- _What to do_
Below are some records. Reproduce them exactly from their first line through the line with "Finally J^T A", inclusive.

(Beginning of Records to use)

(* For all positive integers $n$ and $k$ with $k\equiv1\pmod 3$, $$\det\big(M_{n+i+j}^{(k)}\big)_{0\le i,j\le k-1}=(-1)^{n\lfloor (k+1)/3\rfloor}\Big(\frac{2k+4}{3}\Big)^{n-1}.$$
   Context: $M_N^{(k)}$ is the number of lattice paths from $(0,0)$ to $(N,0)$ with steps $(1,1)$, $(1,0)$, $(1,-1)$ that never go below the $x$-axis and never go above the line $y=k$ (bounded Motzkin paths). *)

From mathcomp Require Import all_boot all_order all_algebra.
Set Implicit Arguments. Unset Strict Implicit. Unset Printing Implicit Defensive.
Import Order.TTheory GRing.Theory Num.Theory.
Local Open Scope ring_scope.

(* A step is encoded by s : 'I_3, with s = 0,1,2 meaning (1,-1),(1,0),(1,1). *)
Definition step_dy (s : 'I_3) : int := (nat_of_ord s)%:Z - 1.

Definition heights (ss : seq 'I_3) : seq int :=
  scanl (fun y s => y + step_dy s) 0 ss.

Definition bounded_motzkin (k : nat) (ss : seq 'I_3) : bool :=
  (foldl (fun y s => y + step_dy s) 0 ss == 0) &&
  all (fun y => (0 <= y) && (y <= k%:Z)) (heights ss).

Definition motzkin_bounded (k N : nat) : nat :=
  #|[set t : N.-tuple 'I_3 | bounded_motzkin k t]|.

From mathcomp Require Import all_boot all_order all_algebra zify ring.
Unset Printing Implicit Defensive.
Import Order.TTheory GRing.Theory Num.Theory.
Local Open Scope ring_scope.

(* Let A be the (k+1)x(k+1) tridiagonal 0/1 matrix indexed by the heights
   0..k.  It is the transfer matrix of bounded Motzkin paths, so that
   M_N^(k) = (A^N)_(0,0), and the Hankel matrix (M_(n+i+j))_(i,j<k) equals
   V^T A^n V where V is the Krylov matrix with columns A^j e_0, j < k.  As
   A^j e_0 is supported on the heights <= j with a 1 at height j, V = J U
   with J the embedding of the first k coordinates and U unitriangular, so
   the Hankel determinant is det (J^T A^n J).
   When k = 1 (mod 3), the vector z = (1,-1,0,1,-1,0,...,1,-1) lies in the
   kernel of A, which yields a factorisation A = A J K with K = [I | z'],
   z' the first k entries of z.  For a symmetric A this gives
   det (J^T A^(m+1) J) = det (J^T A J)^(m+1) det (K K^T)^m (a general
   "compression" lemma).  Finally J^T A J is the k x k tridiagonal matrix,
   of determinant (-1)^((k-1)/3), and K K^T = 1 + z' z'^T has determinant
   1 + |z'|^2 = (2k+4)/3 by the matrix determinant lemma. *)

(* Enumeration of the words of length N over a finite alphabet, used to
   count tuples by recursion on their first letter. *)
Section Words.
Variable T : finType.

Fixpoint words (N : nat) : seq (seq T) :=
  if N is N'.+1 then [seq s :: w | s <- enum T, w <- words N'] else [:: [::]].

Lemma mem_words N w : (w \in words N) = (size w == N).
Proof.
elim: N w => [|N IH] [|s w] //=.
  by apply/allpairsP => -[[x y] /= [_ _]].
rewrite eqSS -IH; apply/allpairsP/idP => [[[x y] /= [_ hy [_ ->]]] //|hw].
by exists (s, w); rewrite /= mem_enum.
Qed.

Lemma uniq_words N : uniq (words N).
Proof.
elim: N => //= N IH; rewrite allpairs_uniq ?enum_uniq //.
by move=> [x u] [y v] _ _ /= [-> ->].
Qed.

Lemma card_tuple_words (P : pred (seq T)) N :
  #|[set t : N.-tuple T | P t]| = count P (words N).
Proof.
rewrite cardsE cardE /enum_mem size_filter -enumT.
rewrite (eq_count (a2 := preim val P)) // -count_map; apply/permP/uniq_perm.
- by rewrite (map_inj_uniq val_inj) enum_uniq.
- exact: uniq_words.
move=> w; rewrite mem_words; apply/mapP/idP => [[t _ ->]|hw].
  by rewrite size_tuple.
by exists (Tuple hw); rewrite ?mem_enum.
Qed.

Lemma count_words_cons (P : pred (seq T)) N :
  count P (words N.+1) = (\sum_(s : T) count (fun w => P (s :: w)) (words N))%N.
Proof.
rewrite -big_enum /=; elim: (enum T) => [|s e IH]; first by rewrite big_nil.
by rewrite allpairs_cons count_cat count_map big_cons IH.
Qed.
End Words.

(* Walks with steps -1, 0, +1 from height a to height b, all of whose
   heights after the start stay in [0, k]. *)
Definition in_band (k : nat) (y : int) : bool := (0 <= y) && (y <= k%:Z).

Definition bounded_walk (k : nat) (a b : int) (ss : seq 'I_3) : bool :=
  (foldl (fun y s => y + step_dy s) a ss == b) &&
  all (in_band k) (scanl (fun y s => y + step_dy s) a ss).

Lemma bounded_walk_cons k a b s ss :
  bounded_walk k a b (s :: ss) =
  in_band k (a + step_dy s) && bounded_walk k (a + step_dy s) b ss.
Proof. by rewrite /bounded_walk /= andbCA. Qed.

Definition walks (k N : nat) (a b : int) : nat :=
  count (bounded_walk k a b) (words 'I_3 N).

Lemma walks_first_step k N a b s :
  count (fun w => bounded_walk k a b (s :: w)) (words 'I_3 N) =
  (in_band k (a + step_dy s) * walks k N (a + step_dy s) b)%N.
Proof.
rewrite /walks; under eq_count => w do rewrite bounded_walk_cons.
by case: in_band; rewrite ?mul1n ?mul0n //= count_pred0.
Qed.

Lemma walks_S k N a b :
  walks k N.+1 a b = (in_band k (a - 1) * walks k N (a - 1) b
    + in_band k a * walks k N a b + in_band k (a + 1) * walks k N (a + 1) b)%N.
Proof.
rewrite {1}/walks count_words_cons !big_ord_recl big_ord0 !walks_first_step.
by rewrite /step_dy /= subrr addr0 addn0 addnA.
Qed.

Definition tridiag (m : nat) : 'M[int]_m :=
  \matrix_(i, j) (((i <= j.+1) && (j <= i.+1))%N)%:R.

Lemma tridiag_tr m : (tridiag m)^T = tridiag m.
Proof. by apply/matrixP => i j; rewrite !mxE andbC. Qed.

Lemma sum_nat_delta n (G : nat -> int) x :
  \sum_(c < n) ((c : nat) == x)%:R * G c = if (x < n)%N then G x else 0.
Proof.
rewrite -(@big_ord1_eq _ _ +%R G x n) [RHS]big_mkcond; apply: eq_bigr => c _.
by case: (_ == x); rewrite ?mul1r ?mul0r.
Qed.

Lemma sum_tridiag_row n (a : 'I_n) (G : nat -> int) :
  \sum_(c < n) tridiag n a c * G c =
  (if (0 < a)%N then G a.-1 else 0) + G a + (if (a.+1 < n)%N then G a.+1 else 0).
Proof.
have band_split (c : nat) : (((a <= c.+1) && (c <= a.+1))%N)%:R =
    (c.+1 == a)%:R + (c == a)%:R + (c == a.+1)%:R :> int.
  by case: leqP; case: leqP; case: eqP; case: eqP; case: eqP => //=; lia.
under eq_bigr => c _ do rewrite mxE band_split !mulrDl.
rewrite !big_split /= !sum_nat_delta ltn_ord; congr (_ + _ + _).
case: (nat_of_ord a) (ltn_ord a) => [|a'] ha /=.
  by rewrite big1 // => c _; rewrite mul0r.
by under eq_bigr => c _ do rewrite eqSS; rewrite sum_nat_delta ltnW.
Qed.

Lemma walks_tridiag k N (i j : 'I_k.+1) :
  (walks k N i j)%:R = ((tridiag k.+1) ^+ N) i j :> int.
Proof.
elim: N i => [|N IH] i.
  rewrite /walks /= /bounded_walk /= expr0 mxE addn0 andbT -(inj_eq val_inj).
  by rewrite eqz_nat.
rewrite walks_S exprS -mulmxE mxE.
under eq_bigr => c _ do rewrite -IH.
rewrite (sum_tridiag_row _ i (fun c : nat => (walks k N c j)%:R)) !natrD !natrM.
have in_band_nat (c : nat) : in_band k c = (c <= k)%N by rewrite /in_band lez_nat.
congr (_ + _ + _).
- case: (posnP i) => [-> | i_gt0]; first by rewrite mul0r.
  have -> : (i : int) - 1 = i.-1 by rewrite -[in LHS](prednK i_gt0) -addn1 PoszD addrK.
  by rewrite in_band_nat (leq_trans (leq_pred i)) ?mul1r // -ltnS.
- by rewrite in_band_nat -ltnS ltn_ord mul1r.
- by rewrite -PoszD addn1 in_band_nat ltnS; case: leqP; rewrite ?mul1r ?mul0r.
Qed.

Lemma motzkin_tridiag k N :
  (motzkin_bounded k N)%:R = ((tridiag k.+1) ^+ N) ord0 ord0 :> int.
Proof.
by rewrite /motzkin_bounded card_tuple_words -(walks_tridiag k N ord0 ord0).
Qed.

Lemma det_tridiag_rec m :
  \det (tridiag m.+2) = \det (tridiag m.+1) - \det (tridiag m).
Proof.
rewrite (expand_det_row _ ord_max) !big_ord_recr /= big1 => [|j _]; last first.
  rewrite !mxE /=.
  have /negbTE -> : ~~ (m.+1 <= j.+1)%N by have := ltn_ord j; lia.
  by rewrite mul0r.
rewrite !mxE /= !leqnn ltnW // leqnSn /= !mul1r add0r.
have -> : cofactor (tridiag m.+2) ord_max ord_max = \det (tridiag m.+1).
  rewrite /cofactor /= addnn -signr_odd odd_double expr0 mul1r.
  by congr (\det _); apply/matrixP => i j; rewrite !mxE !lift_max.
have -> : cofactor (tridiag m.+2) ord_max (widen_ord (leqnSn m.+1) ord_max)
   = - \det (tridiag m).
  rewrite /cofactor /= addSn addnn -signr_odd /= odd_double /= expr1 mulN1r.
  congr (- _).
  rewrite (expand_det_col _ ord_max) big_ord_recr /= big1 => [|i _]; last first.
    rewrite !mxE /= /bump /=.
    by rewrite (_ : _ && _ = false) ?mul0r //; have := ltn_ord i; lia.
  rewrite !mxE /= /bump /= (_ : _ && _ = true) ?mul1r ?add0r; last by lia.
  rewrite /cofactor /= addnn -signr_odd odd_double expr0 mul1r.
  congr (\det _); apply/matrixP => i j; rewrite !mxE /= /bump /=.
  by have := ltn_ord i; have := ltn_ord j; move=> hj hi; congr (_ %:R); lia.
by rewrite addrC.
Qed.

Lemma det_tridiag q : \det (tridiag (q * 3 + 1)) = (-1) ^+ q.
Proof.
elim: q => [|q IH]; first by rewrite mul0n add0n det_mx11 mxE.
have -> : (q.+1 * 3 + 1 = (q * 3 + 1).+3)%N by lia.
by rewrite !det_tridiag_rec IH exprS; ring.
Qed.

(* The periodic sequence 1, -1, 0, 1, -1, 0, ...; it is annihilated by
   the tridiagonal band, so it gives a kernel vector when k = 1 (mod 3). *)
Definition period3 (x : nat) : int :=
  match (x %% 3)%N with 0 => 1 | 1 => -1 | _ => 0 end.

Lemma period3_shift q c : period3 (q * 3 + c) = period3 c.
Proof. by rewrite /period3 modnMDl. Qed.

Lemma period3_window x : period3 x + period3 x.+1 + period3 x.+2 = 0.
Proof.
rewrite [x](divn_eq x 3) -!addnS !period3_shift.
by case: (x %% 3)%N (ltn_pmod x (isT : (0 < 3)%N)) => [|[|[|r]]].
Qed.

(* For k = 1 (mod 3), (period3 c)_(c <= k) is in the kernel of tridiag (k+1);
   the truncated window at the last row is still a full one since
   period3 (k+1) = 0. *)
Lemma tridiag_kernel k (hk : (k %% 3 = 1)%N) (a : 'I_k.+1) :
  \sum_(c < k.+1) tridiag k.+1 a c * period3 c = 0.
Proof.
rewrite (sum_tridiag_row _ a period3).
have -> : (if (a.+1 < k.+1)%N then period3 a.+1 else 0) = period3 a.+1.
  case: ltnP => // a_ge; have -> : (a : nat) = k by have := ltn_ord a; lia.
  by rewrite [k](divn_eq k 3) hk -addnS period3_shift.
case: (posnP a) => [-> | a_gt0] /=; first by rewrite add0r.
by have := period3_window a.-1; rewrite prednK.
Qed.

(* Compression of powers of a symmetric matrix A along J, given a
   factorisation A = A J K: then A^(m+1) = A^(m+1) J K and A = K^T J^T A, so
   the compressed powers J^T A^m J satisfy a one-step recursion. *)
Section Compression.
Variables (R : comRingType) (p q : nat).
Variables (A : 'M[R]_p) (J : 'M[R]_(p, q)) (K : 'M[R]_(q, p)).
Hypothesis A_sym : A^T = A.
Hypothesis A_factor : A *m J *m K = A.

Lemma compressed_pow_rec m :
  J^T *m A ^+ m.+2 *m J =
  (J^T *m A ^+ m.+1 *m J) *m (K *m K^T) *m (J^T *m A *m J).
Proof.
have A_pow_factor : A ^+ m.+1 = A ^+ m.+1 *m J *m K.
  by rewrite exprSr -mulmxE -!mulmxA (mulmxA A) A_factor.
have A_cofactor : A = K^T *m J^T *m A.
  by rewrite -trmx_mul -[in RHS]A_sym -trmx_mul mulmxA A_factor A_sym.
by rewrite exprSr -mulmxE {1}A_pow_factor [X in _ *m K *m X]A_cofactor !mulmxA.
Qed.

Lemma det_compressed_pow m :
  \det (J^T *m A ^+ m.+1 *m J) =
  \det (J^T *m A *m J) ^+ m.+1 * \det (K *m K^T) ^+ m.
Proof.
elim: m => [|m IH]; first by rewrite expr1 mulr1.
by rewrite compressed_pow_rec !det_mulmx IH !exprS; ring.
Qed.
End Compression.

Lemma det_rank1_update (R : comRingType) n (u v : 'cV[R]_n) :
  \det (1%:M + u *m v^T) = 1 + (v^T *m u) 0 0.
Proof.
pose L : 'M[R]_(n + 1) := block_mx 1%:M 0 v^T 1%:M.
pose M : 'M[R]_(n + 1) := block_mx (1%:M + u *m v^T) u 0 1%:M.
pose N : 'M[R]_(n + 1) := block_mx 1%:M 0 (- v^T) 1%:M.
have LMN : L *m M *m N = block_mx 1%:M u 0 (1%:M + v^T *m u).
  rewrite /L /M /N !mulmx_block !mul1mx !mul0mx !mulmx0 !mulmx1 !addr0 !add0r.
  rewrite !mulmxN !mulmxDr !mulmxDl !mulmx1 !mulmxA !mul1mx.
  by rewrite addrK [v^T *m u + _]addrC opprD addrA addrK subrr.
have := congr1 determinant LMN.
rewrite !det_mulmx det_lblock det_ublock det_lblock det_ublock !det1 !mulr1 !mul1r.
by move->; rewrite det_mx11 !mxE eqxx mulr1n.
Qed.

Definition widen_last (k : nat) : 'I_k -> 'I_k.+1 := widen_ord (leqnSn k).

Definition embed (k : nat) : 'M[int]_(k.+1, k) := colsub (widen_last k) 1%:M.

Lemma mulmx_embed k m (M : 'M[int]_(m, k.+1)) :
  M *m embed k = colsub (widen_last k) M.
Proof. by rewrite mulmx_colsub mulmx1. Qed.

Lemma tr_embed_mulmx k m (M : 'M[int]_(k.+1, m)) :
  (embed k)^T *m M = rowsub (widen_last k) M.
Proof. by rewrite trmx_mxsub trmx1 mul_rowsub_mx mul1mx. Qed.

Lemma eq_widen_last k (r s : 'I_k) :
  (widen_last k r == widen_last k s) = (r == s).
Proof. by apply/eqP/eqP => [/(congr1 val) /= /val_inj|->]. Qed.

Lemma last_neq_widen k (r : 'I_k) : (ord_max == widen_last k r) = false.
Proof. by apply/negbTE; rewrite -(inj_eq val_inj) /= neq_ltn ltn_ord orbT. Qed.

(End of Records to use)

- _Result of the exercise_
(* For all positive integers $n$ and $k$ with $k\equiv1\pmod 3$, $$\det\big(M_{n+i+j}^{(k)}\big)_{0\le i,j\le k-1}=(-1)^{n\lfloor (k+1)/3\rfloor}\Big(\frac{2k+4}{3}\Big)^{n-1}.$$
   Context: $M_N^{(k)}$ is the number of lattice paths from $(0,0)$ to $(N,0)$ with steps $(1,1)$, $(1,0)$, $(1,-1)$ that never go below the $x$-axis and never go above the line $y=k$ (bounded Motzkin paths). *)

From mathcomp Require Import all_boot all_order all_algebra.
Set Implicit Arguments. Unset Strict Implicit. Unset Printing Implicit Defensive.
Import Order.TTheory GRing.Theory Num.Theory.
Local Open Scope ring_scope.

(* A step is encoded by s : 'I_3, with s = 0,1,2 meaning (1,-1),(1,0),(1,1). *)
Definition step_dy (s : 'I_3) : int := (nat_of_ord s)%:Z - 1.

Definition heights (ss : seq 'I_3) : seq int :=
  scanl (fun y s => y + step_dy s) 0 ss.

Definition bounded_motzkin (k : nat) (ss : seq 'I_3) : bool :=
  (foldl (fun y s => y + step_dy s) 0 ss == 0) &&
  all (fun y => (0 <= y) && (y <= k%:Z)) (heights ss).

Definition motzkin_bounded (k N : nat) : nat :=
  #|[set t : N.-tuple 'I_3 | bounded_motzkin k t]|.

From mathcomp Require Import all_boot all_order all_algebra zify ring.
Unset Printing Implicit Defensive.
Import Order.TTheory GRing.Theory Num.Theory.
Local Open Scope ring_scope.

(* Let A be the (k+1)x(k+1) tridiagonal 0/1 matrix indexed by the heights
   0..k.  It is the transfer matrix of bounded Motzkin paths, so that
   M_N^(k) = (A^N)_(0,0), and the Hankel matrix (M_(n+i+j))_(i,j<k) equals
   V^T A^n V where V is the Krylov matrix with columns A^j e_0, j < k.  As
   A^j e_0 is supported on the heights <= j with a 1 at height j, V = J U
   with J the embedding of the first k coordinates and U unitriangular, so
   the Hankel determinant is det (J^T A^n J).
   When k = 1 (mod 3), the vector z = (1,-1,0,1,-1,0,...,1,-1) lies in the
   kernel of A, which yields a factorisation A = A J K with K = [I | z'],
   z' the first k entries of z.  For a symmetric A this gives
   det (J^T A^(m+1) J) = det (J^T A J)^(m+1) det (K K^T)^m (a general
   "compression" lemma).  Finally J^T A J is the k x k tridiagonal matrix,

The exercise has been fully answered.